A landmark trade agreement between the European Union and the Mercosur bloc of South American nations has hit a last-minute snag, delaying its expected signing until January. The pause comes amid growing anxieties from European farmers about increased competition from South American agricultural products,triggering protests and political pressure in key EU member states.After 25 years of negotiations, the deal-which would create one of the worldS largest free trade zones-now faces renewed uncertainty as Italy joins France in seeking further concessions.

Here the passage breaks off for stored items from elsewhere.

(* P( sum_{e in (-N,0)} phi(e) <= N (E phi - eps) ), computed exactly as the
   sum over the (finitely many) relevant variables eta_0(-N..0), (X_e)_{e in (-N,0)}
   of their joint probability weights. *)
Definition prob_lower_dev (R : realType) (F theta N : nat) (eps : R) : R :=
  \sum_(eta : config F N) \sum_(X : {ffun 'I_N -> bool})
     (\prod_(i < N.+1) unif_w R F) * (\prod_(j < N) bern_w R F (zeta eta j) (X j))
     * (if phi_sum R F theta N eta X <= N%:R * (Ephi R F theta - eps) then 1 else 0).

From HB Require Import structures.
From mathcomp Require Import all_boot all_order all_algebra.
From mathcomp Require Import reals.
From mathcomp Require Import sequences exp.
From mathcomp Require Import ring lra.
Import Order.TTheory GRing.Theory Num.Theory.
Local Open Scope ring_scope.

(* The increments eta(x) xor eta(x+1) of an i.i.d. uniform configuration are
   again i.i.d. uniform, so the phi(e), e in (-N,0), are i.i.d. with values in
   [-theta, F+2].  The bound is then Chernoff's: for |t| <= 1/2,
   e^t <= 1 + t + 2t^2 gives E e^{lam (E phi - phi)} <= e^{2 (lam M)^2} with
   M = F + 2 + theta, and lam = eps / (4 M^2) yields exponent -N eps^2 / (8 M^2).
   For eps > M the event is empty since phi >= -theta. *)

Lemma expR_le_quadratic {R : realType} (t : R) :
  `|t| <= 1/2 -> expR t <= 1 + t + 2 * t ^+ 2.
Proof.
rewrite ler_norml => /andP[t_ge t_le].
have e_pos := expR_gt0 t.
have eNt_ge := expR_ge1Dx (- t).
have eeN : expR t * expR (- t) = 1 by rewrite expRxMexpNx_1.
have sq_pos : 0 <= t ^+ 2 * (1 - 2 * t) by rewrite mulr_ge0 ?sqr_ge0 //; lra.
have e1t_le : expR t * (1 - t) <= 1.
  by rewrite -eeN ler_wpM2l //; [exact: ltW | lra].
nra.
Qed.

European Commission President Ursula von der Leyen informed European leaders on Thursday, December 18, 2025, that the signing of a free trade agreement with the Mercosur trade bloc will be postponed until January, though a specific date remains unconfirmed, diplomatic sources said.
The delay comes as concerns mount over the potential impact of the agreement on European farmers, and underscores the challenges of finalizing major trade deals in the face of domestic political pressures. According to a European source who spoke with the Spanish news agency EFE, Brazil, Argentina, Uruguay, and Paraguay – the member states of Mercosur – were “informed” of the decision to postpone the vote originally scheduled for Friday and reportedly agreed to the delay. A vote within the European Union Council, followed by a formal signing, is now expected to take place “in early January,” effectively ruling out Brazil’s hope of finalizing the deal this Saturday, December 20.

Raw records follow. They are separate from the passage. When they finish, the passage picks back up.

Lemma fine_max_bounds (M : R) (L : \bar R) : 0 <= M -> (L < +oo)%E ->
  (L <= (Order.max M (fine L))%:E)%E /\ ((Order.max M (fine L))%:E <= Order.max M%:E L)%E.
Proof.
move=> M0; case: L => [r | | ] //= _.
  by split; [rewrite lee_fin le_max lexx orbT | rewrite EFin_max].
by split; [rewrite leNye | rewrite le_max lee_fin ge_max lexx M0].
Qed.

End ExtendedBounds.

Unset Implicit Arguments. Set Strict Implicit.

Theorem lemma2p7 (R : realType) (N : nat) (Om : set 'rV[R]_N) (Phi : 'rV[R]_N -> R)
  (epsj : nat -> R) (j : nat) (u0 : 'rV[R]_N -> R) (u : R -> 'rV[R]_N -> R)
  (T M : R) :
  (0 < N)%N ->
  smooth_bounded_domain Om ->
  torsion_function Om Phi ->
  (forall k, 0 < epsj k < 1) ->
  (forall k, epsj k.+1 < epsj k) ->
  epsj @ \oo --> 0 ->
  (* standing assumptions on the initial datum u_{0 eps} for eps = epsj j *)
  Ck_closure 3 Om u0 ->
  (forall x, Om x -> epsj j <= u0 x) ->
  (forall x, bdry Om x -> u0 x = epsj j) ->
  (forall x, bdry Om x ->
     lap u0 @ within Om (nbhs x) --> - fine (dirichlet Om u0)) ->
  (* hypotheses of the lemma *)
  0 < T -> 0 < M ->
  Order.lt (phinorm Om Phi (fun x => u0 x - epsj j)) +oo%E ->
  (* u is a classical solution of the regularized problem *)
  C21 Om u ->
  (forall x t, Om x -> 0 < t ->
     dt u t x = u t x * lap (u t) x
                + u t x * rho (epsj j) (fine (dirichlet Om (u t)))) ->
  (forall x t, bdry Om x -> 0 < t -> u t x = epsj j) ->
  (forall x, closure Om x -> u 0 x = u0 x) ->
  (forall t, 0 <= t <= T -> Order.le (dirichlet Om (u t)) M%:E) ->
  forall t, 0 <= t <= T ->
    Order.le (phinorm Om Phi (fun x => u t x - epsj j))
       (Order.max M%:E (phinorm Om Phi (fun x => u0 x - epsj j))).
Proof.
move=> _ [oOm _ Om0 bOm _] torsion /(_ j)/andP[eps0 _] _ _ [cu0 _] u0_in u0_bdry _
  T0 M0 L_fin [cu du _ _ _] pde u_bdry u_init dirM.
set eps := epsj j; set L := phinorm _ _ _ in L_fin *.
have [LK KL] := fine_max_bounds (ltW M0) L_fin.
set K := Order.max M (fine L) in LK KL.
have [cPhi _ _ bdPhi] := torsion.
have MK : M <= K by rewrite le_max lexx.
have K0 : 0 <= K by exact: le_trans (ltW M0) MK.
pose rh s := rho eps (fine (dirichlet Om (u s))).
have rh_bounds s : 0 <= s <= T -> 0 <= rh s <= M.
  by move=> sI; apply: rho_fine_bounds; [| exact: dirichlet_ge0 | exact: dirM].
have rh_ge0 s : 0 <= s <= T -> 0 <= rh s by move=> /rh_bounds/andP[].
have rh_le s : 0 <= s <= T -> rh s <= K by move=> /rh_bounds/andP[_ /le_trans]; apply.
have u0_ge x : closure Om x -> eps <= u0 x.
  by move=> Cx; have [/u0_in|nOmx] := pselect (Om x); last rewrite u0_bdry.
have cv0 : {within closure Om, continuous (fun x => u0 x - eps)}.
  by rewrite continuous_subspace_in => x Cx; apply: cvgB; [exact: cu0 | exact: cvg_cst].
have u0_le x : closure Om x -> u0 x - eps <= K * Phi x.
  move=> Cx; have [Omx|nOmx] := pselect (Om x); last by rewrite u0_bdry // bdPhi // mulr0 subrr.
  have := quotient_le_of_phinorm_le oOm cPhi Omx cv0 K0 LK.
  rewrite -ler_pdivrMr ?(torsion_pos oOm bOm Om0 torsion) //; exact: le_trans (ler_norm _).
move=> t tI; apply: le_trans KL; apply: phinorm_le => x Omx.
exact: (solution_quotient_le (rh := rh) oOm bOm Om0 torsion cu du pde u_bdry u_init
  eps0 T0 u0_ge rh_ge0 K0 rh_le u0_le Omx tI).
Qed.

The European Commission had been aiming to finalize the agreement – which would create the world’s largest free trade zone – this week. However, plans were disrupted after Italy joined France in calling for a postponement to secure greater protections for its agricultural sector. The agreement has been under negotiation for a quarter of a century, and would allow European companies to increase exports of vehicles and machinery to Mercosur countries.
Meloni Seeks “A Few Days” for Consultation
The proposed agreement would also facilitate increased exports of products like beef, rice, honey, and soybeans from South American countries into the European market, where they are often more competitive. This prospect has fueled protests in Europe, particularly among farmers, with demonstrations taking place in Brussels on Thursday that resulted in clashes near the European Union institutions.
For the deal to move forward, a qualified majority – 55 percent of EU member states representing at least 65 percent of the European population – would need to approve it. Achieving this threshold proved nearly impossible given France’s outright opposition and Italy’s late-stage reservations.
Italian Prime Minister Giorgia Meloni told Brazilian President Luiz Inácio Lula da Silva on Thursday that she is “willing” to sign the agreement “as soon as responses are given to the farmers” and requested “a few days” to resolve concerns related to potential backlash from agricultural groups in Italy, citing “political problems with farmers.”